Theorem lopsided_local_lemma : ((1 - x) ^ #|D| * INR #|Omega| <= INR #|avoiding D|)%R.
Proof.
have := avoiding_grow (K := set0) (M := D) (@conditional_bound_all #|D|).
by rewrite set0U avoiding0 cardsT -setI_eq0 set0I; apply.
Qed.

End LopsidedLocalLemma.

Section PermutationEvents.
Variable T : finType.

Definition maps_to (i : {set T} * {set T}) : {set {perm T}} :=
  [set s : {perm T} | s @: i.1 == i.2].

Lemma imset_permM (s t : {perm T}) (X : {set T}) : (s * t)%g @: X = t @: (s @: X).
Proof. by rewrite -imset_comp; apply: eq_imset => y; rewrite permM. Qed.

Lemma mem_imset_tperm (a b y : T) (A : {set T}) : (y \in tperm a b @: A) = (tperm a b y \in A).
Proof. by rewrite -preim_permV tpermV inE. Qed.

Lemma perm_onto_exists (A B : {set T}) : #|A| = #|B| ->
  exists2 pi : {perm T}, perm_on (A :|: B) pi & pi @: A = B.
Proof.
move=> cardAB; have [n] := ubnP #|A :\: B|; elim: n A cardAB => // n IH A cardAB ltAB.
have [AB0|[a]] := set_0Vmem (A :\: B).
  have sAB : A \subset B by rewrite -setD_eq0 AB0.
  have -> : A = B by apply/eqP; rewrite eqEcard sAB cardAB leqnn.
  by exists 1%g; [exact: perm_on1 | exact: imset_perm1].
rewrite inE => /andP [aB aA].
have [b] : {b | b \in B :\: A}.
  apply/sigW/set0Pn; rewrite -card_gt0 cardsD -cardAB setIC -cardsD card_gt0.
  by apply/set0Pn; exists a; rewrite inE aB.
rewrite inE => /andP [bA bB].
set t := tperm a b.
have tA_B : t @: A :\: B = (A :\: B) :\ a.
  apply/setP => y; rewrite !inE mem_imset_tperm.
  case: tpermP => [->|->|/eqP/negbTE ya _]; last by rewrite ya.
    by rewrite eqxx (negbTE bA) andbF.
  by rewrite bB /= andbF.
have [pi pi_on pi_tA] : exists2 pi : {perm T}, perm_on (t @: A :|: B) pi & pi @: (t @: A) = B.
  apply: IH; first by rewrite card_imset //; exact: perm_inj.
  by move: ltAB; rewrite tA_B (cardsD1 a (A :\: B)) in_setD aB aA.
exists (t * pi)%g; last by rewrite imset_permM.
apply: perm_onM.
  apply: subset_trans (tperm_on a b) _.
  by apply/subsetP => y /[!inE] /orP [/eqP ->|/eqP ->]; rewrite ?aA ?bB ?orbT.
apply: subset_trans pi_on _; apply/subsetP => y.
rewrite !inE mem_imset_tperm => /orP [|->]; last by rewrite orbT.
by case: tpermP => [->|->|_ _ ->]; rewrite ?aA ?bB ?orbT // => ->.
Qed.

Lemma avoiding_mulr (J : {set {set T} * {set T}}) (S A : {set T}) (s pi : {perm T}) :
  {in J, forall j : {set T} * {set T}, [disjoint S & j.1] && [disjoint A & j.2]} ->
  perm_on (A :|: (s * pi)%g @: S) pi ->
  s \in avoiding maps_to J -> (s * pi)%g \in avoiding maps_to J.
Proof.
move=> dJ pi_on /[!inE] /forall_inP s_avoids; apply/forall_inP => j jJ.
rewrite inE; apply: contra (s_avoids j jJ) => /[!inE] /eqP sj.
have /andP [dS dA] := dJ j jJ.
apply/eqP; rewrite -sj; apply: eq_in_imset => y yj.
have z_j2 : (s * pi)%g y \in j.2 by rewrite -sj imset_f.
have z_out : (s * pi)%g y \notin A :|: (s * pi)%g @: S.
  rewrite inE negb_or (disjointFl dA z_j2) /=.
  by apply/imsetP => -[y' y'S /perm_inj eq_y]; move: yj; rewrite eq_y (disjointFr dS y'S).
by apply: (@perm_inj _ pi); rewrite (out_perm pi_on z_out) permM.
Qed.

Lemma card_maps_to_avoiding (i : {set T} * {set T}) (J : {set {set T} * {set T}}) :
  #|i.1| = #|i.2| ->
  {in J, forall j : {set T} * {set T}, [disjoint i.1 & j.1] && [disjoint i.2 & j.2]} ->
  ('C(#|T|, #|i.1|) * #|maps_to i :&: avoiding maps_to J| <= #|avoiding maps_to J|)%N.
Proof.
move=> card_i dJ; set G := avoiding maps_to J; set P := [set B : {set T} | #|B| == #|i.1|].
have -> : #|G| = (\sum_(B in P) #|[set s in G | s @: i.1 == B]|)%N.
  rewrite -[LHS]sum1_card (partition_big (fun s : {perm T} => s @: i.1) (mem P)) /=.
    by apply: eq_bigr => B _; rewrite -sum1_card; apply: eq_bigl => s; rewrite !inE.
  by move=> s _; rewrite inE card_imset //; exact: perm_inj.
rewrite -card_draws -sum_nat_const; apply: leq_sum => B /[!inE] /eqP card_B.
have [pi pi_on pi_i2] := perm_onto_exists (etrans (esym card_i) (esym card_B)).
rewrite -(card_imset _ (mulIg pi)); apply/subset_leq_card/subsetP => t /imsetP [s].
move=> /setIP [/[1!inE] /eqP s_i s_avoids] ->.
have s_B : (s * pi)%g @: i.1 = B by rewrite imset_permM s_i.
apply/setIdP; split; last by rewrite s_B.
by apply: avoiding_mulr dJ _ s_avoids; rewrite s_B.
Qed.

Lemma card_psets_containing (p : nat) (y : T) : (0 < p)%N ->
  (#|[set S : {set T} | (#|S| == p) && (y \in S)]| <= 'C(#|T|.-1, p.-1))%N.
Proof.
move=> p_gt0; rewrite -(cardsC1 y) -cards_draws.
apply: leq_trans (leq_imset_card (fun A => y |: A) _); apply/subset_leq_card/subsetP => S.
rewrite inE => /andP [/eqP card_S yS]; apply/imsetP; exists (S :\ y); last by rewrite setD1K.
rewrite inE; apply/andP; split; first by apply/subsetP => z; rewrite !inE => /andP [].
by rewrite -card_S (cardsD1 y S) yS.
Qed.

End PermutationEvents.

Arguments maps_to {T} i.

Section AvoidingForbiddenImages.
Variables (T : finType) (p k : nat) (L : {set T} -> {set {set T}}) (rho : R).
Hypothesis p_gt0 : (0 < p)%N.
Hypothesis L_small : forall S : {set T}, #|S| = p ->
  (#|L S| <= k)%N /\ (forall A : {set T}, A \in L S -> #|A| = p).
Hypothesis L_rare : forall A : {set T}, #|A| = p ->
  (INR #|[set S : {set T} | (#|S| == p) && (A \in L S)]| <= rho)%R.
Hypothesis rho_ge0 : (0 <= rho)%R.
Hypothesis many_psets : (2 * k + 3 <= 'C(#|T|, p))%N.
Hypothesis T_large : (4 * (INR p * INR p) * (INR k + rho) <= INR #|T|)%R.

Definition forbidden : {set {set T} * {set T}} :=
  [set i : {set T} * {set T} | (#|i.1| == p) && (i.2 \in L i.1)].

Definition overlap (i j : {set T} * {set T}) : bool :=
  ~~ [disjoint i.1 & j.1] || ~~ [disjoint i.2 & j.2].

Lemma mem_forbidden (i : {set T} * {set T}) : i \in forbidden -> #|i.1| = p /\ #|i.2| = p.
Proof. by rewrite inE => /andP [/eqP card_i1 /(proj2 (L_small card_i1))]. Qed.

#### [Directions for this task]
Filter the listing above for the string "Definition" and copy every matching line.

#### [Task output]
Definition maps_to (i : {set T} * {set T}) : {set {perm T}} :=
Definition forbidden : {set {set T} * {set T}} :=
Definition overlap (i j : {set T} * {set T}) : bool :=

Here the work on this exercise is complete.